Following a new mandate by Telecom Regulatory Authority of India (Trai), the long duration plans being shipped by Direct to Home (DTH) services will be discontinued from December 29. Instead, subscribers will have different schemes to choose from based on new Trai guidelines. The industry watchdog has introduced a brand new mandate which changes the pricing and the plans of the DTH services, thus implying that all the subscribers who are on monthly packs or long duration packs will transition to the new schemes by December 29, which is the deadline set by Trai.
It is worth noting that the long duration packs being referred here are the packs which come with validity up to three years. Previously, with the promise of cheaper rates and more channels DTH companies used to sign up many subscribers with advance payments. However, this was possible because then DTH providers used to pay channels owners in a ‘fixed payment’ model, but with the new mandate from Trai, the amount that the DTH providers will pay to the channel owners will depend on the number of viewers, hence the new scheme from December 29.
DTH Providers to Also Provide Refunds
Before this mandate from Trai was passed and confirmed, services like Airtel Digital TV were giving refunds to their subscribers along with an option to break their connection halfway. In case of returns from DTH subscribers, the amount which will be initiated back to the subscribers will be proportional to the stretch of service which is left in their contract. For example, if a subscriber signs up for an annual pack of Rs 5,000, and then they cancel their subscription after six months, they will be refunded Rs 2,500.
However, instead of introducing all new pricing schemes, they could continue with the mega packs, but for that to happen the amount which the DTH companies are paying to the channel owners should be less than what they are getting from the consumers for them to make a profit.
DTH operator, Dish TV remarked about this situation, saying, “The new regulations are applicable to all customer with effect from December 29, 2018,” the company further added, “We are working to ensure there is the least disruption to your viewing experience.”
Madras High Court Strikes Down on New Mandate
The Trai drafted new mandates keeping in mind that this way, consumers would have more choice in their channels. However, Madras High Court has struck on a new part of the tariff order thus outlining that the cable operators and DTH companies would receive channels from owners one-by-one instead of them taking all the channels at once. This would also be evident on the consumer front as the consumers would be able to order channels of their choice sequentially instead of buying bundled plans with unnecessary channels on them.
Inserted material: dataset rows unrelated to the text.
(* Let $(X,\mathcal{B},\mu)$ be a standard $\sigma$-finite measure space. Let $\alpha,\beta,\mathcal{C}$ be sub-$\sigma$-algebras of $\mathcal{B}$. Assume that $\mathcal{C}$ is $\sigma$-finite (i.e. $\mu|_{\mathcal{C}}$ is $\sigma$-finite) and non-atomic. Then $$(\mathcal{C}\vee\alpha\vee\beta)^{*}=(\mathcal{C}\vee\alpha)^{*}\vee(\mathcal{C}\vee\beta)^{*}\quad\text{modulo }\mu^{*}.$$
   Context: Poisson suspension of $(X,\mathcal{B},\mu)$: $X^*$ is the space of (counting) measures $\gamma$ on $X$; $\mathcal{B}^*$ is the $\sigma$-algebra generated by the maps $N(B):\gamma\mapsto\gamma(B)$, $B\in\mathcal{B}$. The measure $\mu^*$ is the unique probability measure on $(X^*,\mathcal{B}^* )$ such that, for pairwise disjoint $B_1,\dots,B_k\in\mathcal{B}$, the random variables $N(B_1),\dots,N(B_k)$ are independent. Moreover, each $N(B)$ is Poisson distributed with parameter $\mu(B)$, with $N(B)=\infty$ a.s. if $\mu(B)=\infty$. For a sub-$\sigma$-algebra $\mathcal{C}\subset\mathcal{B}$, $\mathcal{C}^*:=\sigma(\{N(A):A\in\mathcal{C}\})$. *)

From HB Require Import structures.
From mathcomp Require Import all_boot all_order all_algebra.
From mathcomp Require Import all_classical all_reals all_analysis.
From mathcomp Require Import measurable_realfun.

Set Implicit Arguments.
Unset Strict Implicit.
Unset Printing Implicit Defensive.

Import Order.TTheory GRing.Theory Num.Theory.
Local Open Scope classical_set_scope.
Local Open Scope ring_scope.
Local Open Scope ereal_scope.

Section PoissonSuspension.
Context (R : realType) {d : measure_display} (X : measurableType d).
Lemma borel_nD A B : borel_n A -> borel_n B -> borel_n (A `\` B).
Proof. exact: (@measurableD _ borel). Qed.

Lemma borel_n_bigcap (F : nat -> set 'rV[R]_n) :
  (forall m, borel_n (F m)) -> borel_n (\bigcap_m F m).
Proof. exact: (@bigcapT_measurable _ borel). Qed.

Lemma borel_n_bigsetU (I : Type) (r : seq I) (F : I -> set 'rV[R]_n) :
  (forall l, borel_n (F l)) -> borel_n (\big[setU/set0]_(l <- r) F l).
Proof.
move=> bF; elim: r => [|l r IH]; first by rewrite big_nil; exact: borel_n0.
by rewrite big_cons; exact: borel_nU.
Qed.

Definition box (s : 'rV[R]_n) : set 'rV[R]_n := [set u | forall j, u ord0 j < s ord0 j].

Lemma box_subset v w : vle v w -> box v `<=` box w.
Proof. by move=> vw u uv j; exact: lt_le_trans (uv j) (vw j). Qed.

Lemma borel_n_box s : borel_n (box s).
Proof.
have -> : box s = \bigcap_(j in [set: 'I_n]) [set u | u ord0 j < s ord0 j].
  by apply/seteqP; split=> u hu j => [_|]; exact: hu.
apply: (@fin_bigcap_measurable _ borel); first exact: finite_finset.
move=> j _; apply: sub_sigma_algebra.
apply: (@open_comp _ _ (fun u : 'rV[R]_n => u ord0 j) [set r | r < s ord0 j]).
  by move=> u _; exact: coord_continuous.
exact: open_lt.
Qed.

End BorelSets.

Definition set_coord (T : Type) (n : nat) (v : 'rV[T]_n) (l : 'I_n) (r : T) : 'rV[T]_n :=
  \row_l' (if l' == l then r else v ord0 l').

Lemma set_coordE (T : Type) (n : nat) (v : 'rV[T]_n) l r l' :
  set_coord v l r ord0 l' = if l' == l then r else v ord0 l'.
Proof. exact: mxE. Qed.

Lemma set_coord_id (T : Type) (n : nat) (v : 'rV[T]_n) l : set_coord v l (v ord0 l) = v.
Proof. by apply/rowP => l'; rewrite set_coordE; case: eqP => [->|]. Qed.

Lemma psumE (G : zmodType) (s : seq nat) (u : nat -> int * G) :
  psum s u = \sum_(m <- s) u m.
Proof.
rewrite /psum; elim: s => [|m s IH]; first by rewrite !big_nil.
by rewrite !big_cons -IH.
Qed.

Lemma sum_uniq_supp01 (V : zmodType) (u : nat -> V) (s : seq nat) :
  (forall m, (1 < m)%N -> u m = 0) -> uniq s ->
  \sum_(m <- s) u m = u 0%N *+ (0%N \in s) + u 1%N *+ (1%N \in s).
Proof.
move=> u0; elim: s => [|m s IH]; first by rewrite big_nil !in_nil !mulr0n addr0.
rewrite /= big_cons !in_cons => /andP[ms /IH ->].
case: m ms => [|[|m]] ms /=; last by rewrite u0 // add0r.
- by rewrite (negbTE ms) mulr0n add0r mulr1n.
- by rewrite (negbTE ms) mulr0n addr0 mulr1n addrC.
Qed.

Section LGroup.
Variables (G : zmodType) (le : G -> G -> Prop).
Hypothesis leG : dsc_lgroup le.

Lemma lgroup_le_refl (a : G) : le a a.
Proof. by case: leG. Qed.

Lemma lgroup_le_anti (a b : G) : le a b -> le b a -> a = b.
Proof. by case: leG => _ [+ _] _ _ _; apply. Qed.

Lemma lgroup_le_trans (a b c : G) : le a b -> le b c -> le a c.
Proof. by case: leG => _ [_ +] _ _ _; apply. Qed.

Lemma lgroup_leD2r (a b c : G) : le a b -> le (a + c) (b + c).
Proof. by case: leG => _ _ + _ _; apply. Qed.

Lemma lgroup_trivial : (forall f : G, le 0 f -> f = 0) -> forall e : G, e = 0.
Proof.
move=> pos0 e; case: leG => _ _ _ /(_ e 0) [_ [m [mlb _]]] _.
have m0 : m = 0.
  have /(lgroup_leD2r (- m)) : le m 0 by apply: mlb; right.
  by rewrite subrr add0r => /pos0 /eqP; rewrite oppr_eq0 => /eqP.
by apply: pos0; rewrite -m0; apply: mlb; left.
Qed.

Implicit Types a b c : int * G.

Lemma lexle_refl a : lexle le a a.
Proof. by right; split => //; exact: lgroup_le_refl. Qed.

Lemma lexle_trans a b c : lexle le a b -> lexle le b c -> lexle le a c.
Proof.
case=> [h1|[e1 h1]] [h2|[e2 h2]]; first by left; exact: lt_trans h2.
- by left; rewrite -e2.
- by left; rewrite e1.
by right; split; [rewrite e1 | exact: lgroup_le_trans h2].
Qed.

Lemma lexle_anti a b : lexle le a b -> lexle le b a -> a = b.
Proof.
case: a b => [a1 a2] [b1 b2] [h1|[/= e1 h1]] [h2|[e2 h2]] //=.
- by move: (lt_trans h1 h2); rewrite ltxx.
- by move: h1; rewrite e2 ltxx.
- by move: h2; rewrite e1 ltxx.
by rewrite e1 (lgroup_le_anti h1 h2).
Qed.

Lemma lexle_fst a b : lexle le a b -> a.1 <= b.1.
Proof. by case=> [/ltW|[-> _]]. Qed.

Lemma lexleD2r a b c : lexle le (a + c) (b + c) <-> lexle le a b.
Proof.
suff lexleD a' b' c' : lexle le a' b' -> lexle le (a' + c') (b' + c').
  split=> [/(lexleD _ _ (- c))|]; last exact: lexleD.
  by rewrite !addrK.
case=> [h|[e h]]; [left | right] => /=; first by rewrite ltrD2r.
by rewrite e; split => //; exact: lgroup_leD2r.
Qed.

Lemma lexleD2l a b c : lexle le (c + a) (c + b) <-> lexle le a b.
Proof. by rewrite ![c + _]addrC lexleD2r. Qed.

Lemma lexle_addr a b : lexle le 0 b -> lexle le a (a + b).
Proof. by move/(lexleD2r _ _ a).2; rewrite add0r addrC. Qed.

Lemma lexle_trivial a b : (forall e : G, e = 0) -> a.1 <= b.1 -> lexle le a b.
Proof.
move=> triv; rewrite le_eqVlt => /orP[/eqP e|]; last by left.
by right; split => //; rewrite (triv a.2) (triv b.2); exact: lgroup_le_refl.
Qed.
In this case, the order passed by the Madras High Court makes the Trai mandate somewhat futile, since the order sets the pricing of the channels high when they are bought individually, thus promoting bundling.
In this regard, the regulator has approached the Supreme Court saying that pricing bundled channels lower than individual channels promotes the buying of more and more additional channels by the DTH providers and consumers alike. This, in turn, catalyses an anti-competitive environment since many channels from a handful of owners hog the carrying capacity of DTH networks.
Starting December 29, consumers will be able to choose their packages from broadcasters like Zee, Star India, Viacom18 and Sony in addition to choosing packages from their DTH providers.